作者
Jiale Li,Changfeng Miao,Haijun Guo,Maximo Lin,Rui Chen,Jun Peng,Jiachong Wang,Chunhai Tang,Zigui Chen
摘要
Lysine lactylation (Kla), first described in 2019, is an emerging post-translational modification that converts lactate availability into changes in chromatin state and protein function. In cancer, where glycolysis and microenvironmental hypoxia often elevate lactate, lactylation has been linked to transcriptional reprogramming, immune modulation, cellular plasticity, and therapy resistance. Here, we synthesize current evidence across major organ systems to clarify how lactylation is generated, interpreted, and removed, and how it interacts with tumor metabolism and the tumor microenvironment. We summarize enzymatic and non-enzymatic routes to Kla formation, discuss candidate writers, erasers, and readers, and highlight recurring mechanistic patterns spanning histone and non-histone substrates, including regulation of immune-evasive signaling, ferroptosis susceptibility, DNA repair, and stress-adaptation programs. We also integrate translational considerations, outlining druggable nodes within lactate production and transport pathways and within acetyltransferase and deacylase systems, and discuss how lactylation measurements could support patient stratification, pharmacodynamic monitoring, and rational combination strategies.
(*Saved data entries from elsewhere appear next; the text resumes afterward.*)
(* Let $(F_r)_{r\in\mathbb Z}$ be the Fibonacci numbers and $(\mathcal F_r)_{r\in\mathbb Z}$ any generalized Fibonacci sequence. Then for all integers $r,s$ and every non-negative integer $k$: \[ F_s\sum_{j=0}^kF_{s+1}^{k-j}\mathcal F_{r-1+sj}=\mathcal F_{r+s(k+1)}-F_{s+1}^{k+1}\mathcal F_r, \] \[ \sum_{j=0}^k(-1)^jF_s^{k-j}F_{s+1}^j\mathcal F_{r-k+s+j}=(-1)^kF_{s+1}^{k+1}\mathcal F_r+F_s^{k+1}\mathcal F_{r-k-1}, \] \[ F_s\sum_{j=0}^kF_{s-1}^{k-j}\mathcal F_{r-sk-s+1+sj}=\mathcal F_r-F_{s-1}^{k+1}\mathcal F_{r-(k+1)s}. \]
   Context: A generalized Fibonacci sequence is a two-sided sequence $(\mathcal F_r)_{r\in\mathbb Z}$ of complex numbers with $\mathcal F_r=\mathcal F_{r-1}+\mathcal F_{r-2}$ for all $r\in\mathbb Z$. The Fibonacci numbers $F_r$ are the one with $F_0=0$, $F_1=1$ (extended to negative indices by the recurrence). The convention $0^0=1$ is used. *)

From HB Require Import structures.
From mathcomp Require Import all_boot all_order all_algebra.
Set Implicit Arguments. Unset Strict Implicit. Unset Printing Implicit Defensive.
Import Order.TTheory GRing.Theory Num.Theory.
Local Open Scope ring_scope.

Definition is_gen_fib (R : comNzRingType) (f : int -> R) : Prop :=
  forall r : int, f r = f (r - 1) + f (r - 2).

Definition is_fib (R : comNzRingType) (F : int -> R) : Prop :=
  is_gen_fib F /\ F 0 = 0 /\ F 1 = 1.

From HB Require Import structures.
From mathcomp Require Import all_boot all_order all_algebra.
From mathcomp Require Import ring zify.
Set Implicit Arguments. Unset Strict Implicit. Unset Printing Implicit Defensive.
Import Order.TTheory GRing.Theory Num.Theory.
Local Open Scope ring_scope.

(* Everything rests on the addition formula G (a + s) = F s * G (a + 1) + F (s - 1) * G a,
   valid for all integers a and s; it follows by induction on s in both directions, since
   the recurrences of F and G make the step from s to s + 1 reversible.  The addition
   formula turns the j-th summand of each identity into a difference of consecutive terms
   of a sequence x ^ (k + 1 - j) * z ^ j * f j (with z = 1 for the first and third
   identity, and z = - F (s + 1) for the alternating one), so all three sums telescope. *)

Lemma telescope_sumr_homog {R : comPzRingType} (x z : R) (f : nat -> R) (k : nat) :
  \sum_(j < k.+1) x ^+ (k - j) * z ^+ j * (z * f j.+1 - x * f j)
    = z ^+ k.+1 * f k.+1 - x ^+ k.+1 * f 0%N.
Proof.
rewrite -(big_mkord xpredT (fun j => x ^+ (k - j) * z ^+ j * (z * f j.+1 - x * f j))).
rewrite (telescope_sumr_eq (fun j => x ^+ (k.+1 - j) * z ^+ j * f j)) //.
  by rewrite subnn subn0 expr0 mul1r mulr1.
move=> j /andP[_ ltjk]; rewrite subSS subSn // !exprS; ring.
Qed.

Section GeneralizedFibonacci.
Variables (R : comNzRingType) (F G : int -> R).
Hypotheses (hF : is_fib F) (hG : is_gen_fib G).

Lemma gen_fib_succ {f : int -> R} : is_gen_fib f -> forall a, f (a + 1) = f a + f (a - 1).
Proof. by move=> hf a; rewrite hf; congr (f _ + f _); lia. Qed.

Lemma gen_fib_addition_succ (s : int) :
  (forall a : int, G (a + s) = F s * G (a + 1) + F (s - 1) * G a) <->
  (forall a : int, G (a + (s + 1)) = F (s + 1) * G (a + 1) + F s * G a).
Proof.
have [hFrec _] := hF.
have Fs1 : F (s + 1) = F s + F (s - 1) by exact: gen_fib_succ.
split=> hs a.
- rewrite (_ : a + (s + 1) = (a + 1) + s); last by ring.
  by rewrite hs (gen_fib_succ hG (a + 1)) addrK Fs1; ring.
- rewrite (_ : a + s = (a - 1) + (s + 1)); last by ring.
  by rewrite hs subrK (gen_fib_succ hG a) Fs1; ring.
Qed.

Lemma gen_fib_addition (a s : int) : G (a + s) = F s * G (a + 1) + F (s - 1) * G a.
Proof.
move: a; elim/int_ind: s => [|n|n].
- have [hFrec [F0 F1]] := hF.
  have Fm1 : F (0 - 1) = 1 by move: (hFrec 1); rewrite F1 F0 add0r.
  by move=> a; rewrite addr0 F0 Fm1 mul0r add0r mul1r.
- by move/gen_fib_addition_succ; rewrite -addn1 PoszD addrK.
- move=> hn; rewrite (_ : - (n.+1)%:Z = - n%:Z - 1); last by rewrite intS; ring.
  by apply/gen_fib_addition_succ; rewrite subrK.
Qed.

Lemma gen_fib_addition_pred (a s : int) : G (a + s) = F (s + 1) * G a + F s * G (a - 1).
Proof.
rewrite (_ : a + s = (a - 1) + (s + 1)); last by ring.
by rewrite gen_fib_addition subrK addrK; ring.
Qed.

Lemma gen_fib_sum_expFsucc (r s : int) (k : nat) :
  F s * (\sum_(j < k.+1) F (s + 1) ^+ (k - j)%N * G (r - 1 + s * (j : nat)%:Z))
    = G (r + s * (k.+1)%:Z) - F (s + 1) ^+ k.+1 * G r.
Proof.
have := telescope_sumr_homog (F (s + 1)) 1 (fun j : nat => G (r + s * j%:Z)) k.
rewrite expr1n mul1r mulr0 addr0 => <-; rewrite mulr_sumr; apply: eq_bigr => j _.
rewrite (_ : r + s * (j.+1)%:Z = (r + s * j%:Z) + s); last by rewrite intS; ring.
rewrite (_ : r - 1 + s * j%:Z = (r + s * j%:Z) - 1); last by ring.
by rewrite (gen_fib_addition_pred (r + s * j%:Z) s) expr1n; ring.
Qed.

Lemma gen_fib_sum_expFpred (r s : int) (k : nat) :
  F s * (\sum_(j < k.+1) F (s - 1) ^+ (k - j)%N
                         * G (r - s * k%:Z - s + 1 + s * (j : nat)%:Z))
    = G r - F (s - 1) ^+ k.+1 * G (r - (k.+1)%:Z * s).
Proof.
set b := r - (k.+1)%:Z * s.
have := telescope_sumr_homog (F (s - 1)) 1 (fun j : nat => G (b + s * j%:Z)) k.
rewrite expr1n mul1r mulr0 addr0 (_ : b + s * (k.+1)%:Z = r); last by rewrite /b; ring.
move=> <-; rewrite mulr_sumr; apply: eq_bigr => j _.
rewrite (_ : b + s * (j.+1)%:Z = (b + s * j%:Z) + s); last by rewrite intS; ring.
rewrite (_ : r - s * k%:Z - s + 1 + s * j%:Z = (b + s * j%:Z) + 1); last first.
  by rewrite /b intS; ring.
by rewrite (gen_fib_addition (b + s * j%:Z) s) expr1n; ring.
Qed.

Lemma gen_fib_altsum_expF (r s : int) (k : nat) :
  \sum_(j < k.+1) (-1) ^+ (j : nat) * F s ^+ (k - j)%N * F (s + 1) ^+ (j : nat)
                  * G (r - k%:Z + s + (j : nat)%:Z)
    = (-1) ^+ k * F (s + 1) ^+ k.+1 * G r + F s ^+ k.+1 * G (r - k%:Z - 1).
Proof.
set x := F s; set y := F (s + 1); set c := r - k%:Z - 1.
have := telescope_sumr_homog x (- y) (fun j : nat => G (c + j%:Z)) k.
rewrite addr0 (_ : c + (k.+1)%:Z = r); last by rewrite /c intS; ring.
move=> tele; rewrite [RHS](_ : _ = - ((- y) ^+ k.+1 * G r - x ^+ k.+1 * G c)); last first.
  by rewrite [(- y) ^+ _]exprNn !exprS; ring.
rewrite -tele -sumrN; apply: eq_bigr => j _.
rewrite (_ : r - k%:Z + s + j%:Z = (c + (j.+1)%:Z) + s); last by rewrite /c intS; ring.
rewrite gen_fib_addition_pred (_ : c + (j.+1)%:Z - 1 = c + j%:Z); last by rewrite intS; ring.
by rewrite [(- y) ^+ _]exprNn -/x -/y; ring.
Qed.

End GeneralizedFibonacci.

Theorem mainTheorem6 (R : comNzRingType) (F G : int -> R)
  (hF : is_fib F) (hG : is_gen_fib G) (r s : int) (k : nat) :
  [/\ F s * (\sum_(j < k.+1) F (s + 1) ^+ (k - j)%N * G (r - 1 + s * (j : nat)%:Z))
        = G (r + s * (k.+1)%:Z) - F (s + 1) ^+ k.+1 * G r,
      \sum_(j < k.+1) (-1) ^+ (j : nat) * F s ^+ (k - j)%N * F (s + 1) ^+ (j : nat)
                        * G (r - k%:Z + s + (j : nat)%:Z)
        = (-1) ^+ k * F (s + 1) ^+ k.+1 * G r + F s ^+ k.+1 * G (r - k%:Z - 1)
    & F s * (\sum_(j < k.+1) F (s - 1) ^+ (k - j)%N
                               * G (r - s * k%:Z - s + 1 + s * (j : nat)%:Z))
        = G r - F (s - 1) ^+ k.+1 * G (r - (k.+1)%:Z * s)].
Proof.
split.
- exact: gen_fib_sum_expFsucc.
- exact: gen_fib_altsum_expF.
- exact: gen_fib_sum_expFpred.
Qed.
Finally, we identify key open questions that currently limit clinical translation, including site-level causality, cell-type and spatial attribution in patient tissues, assay specificity and quantitative stoichiometry, and the conditions under which lactylation promotes versus restrains tumor progression. Together, this framework aims to guide mechanistic studies and accelerate the development of clinically actionable lactylation-directed interventions.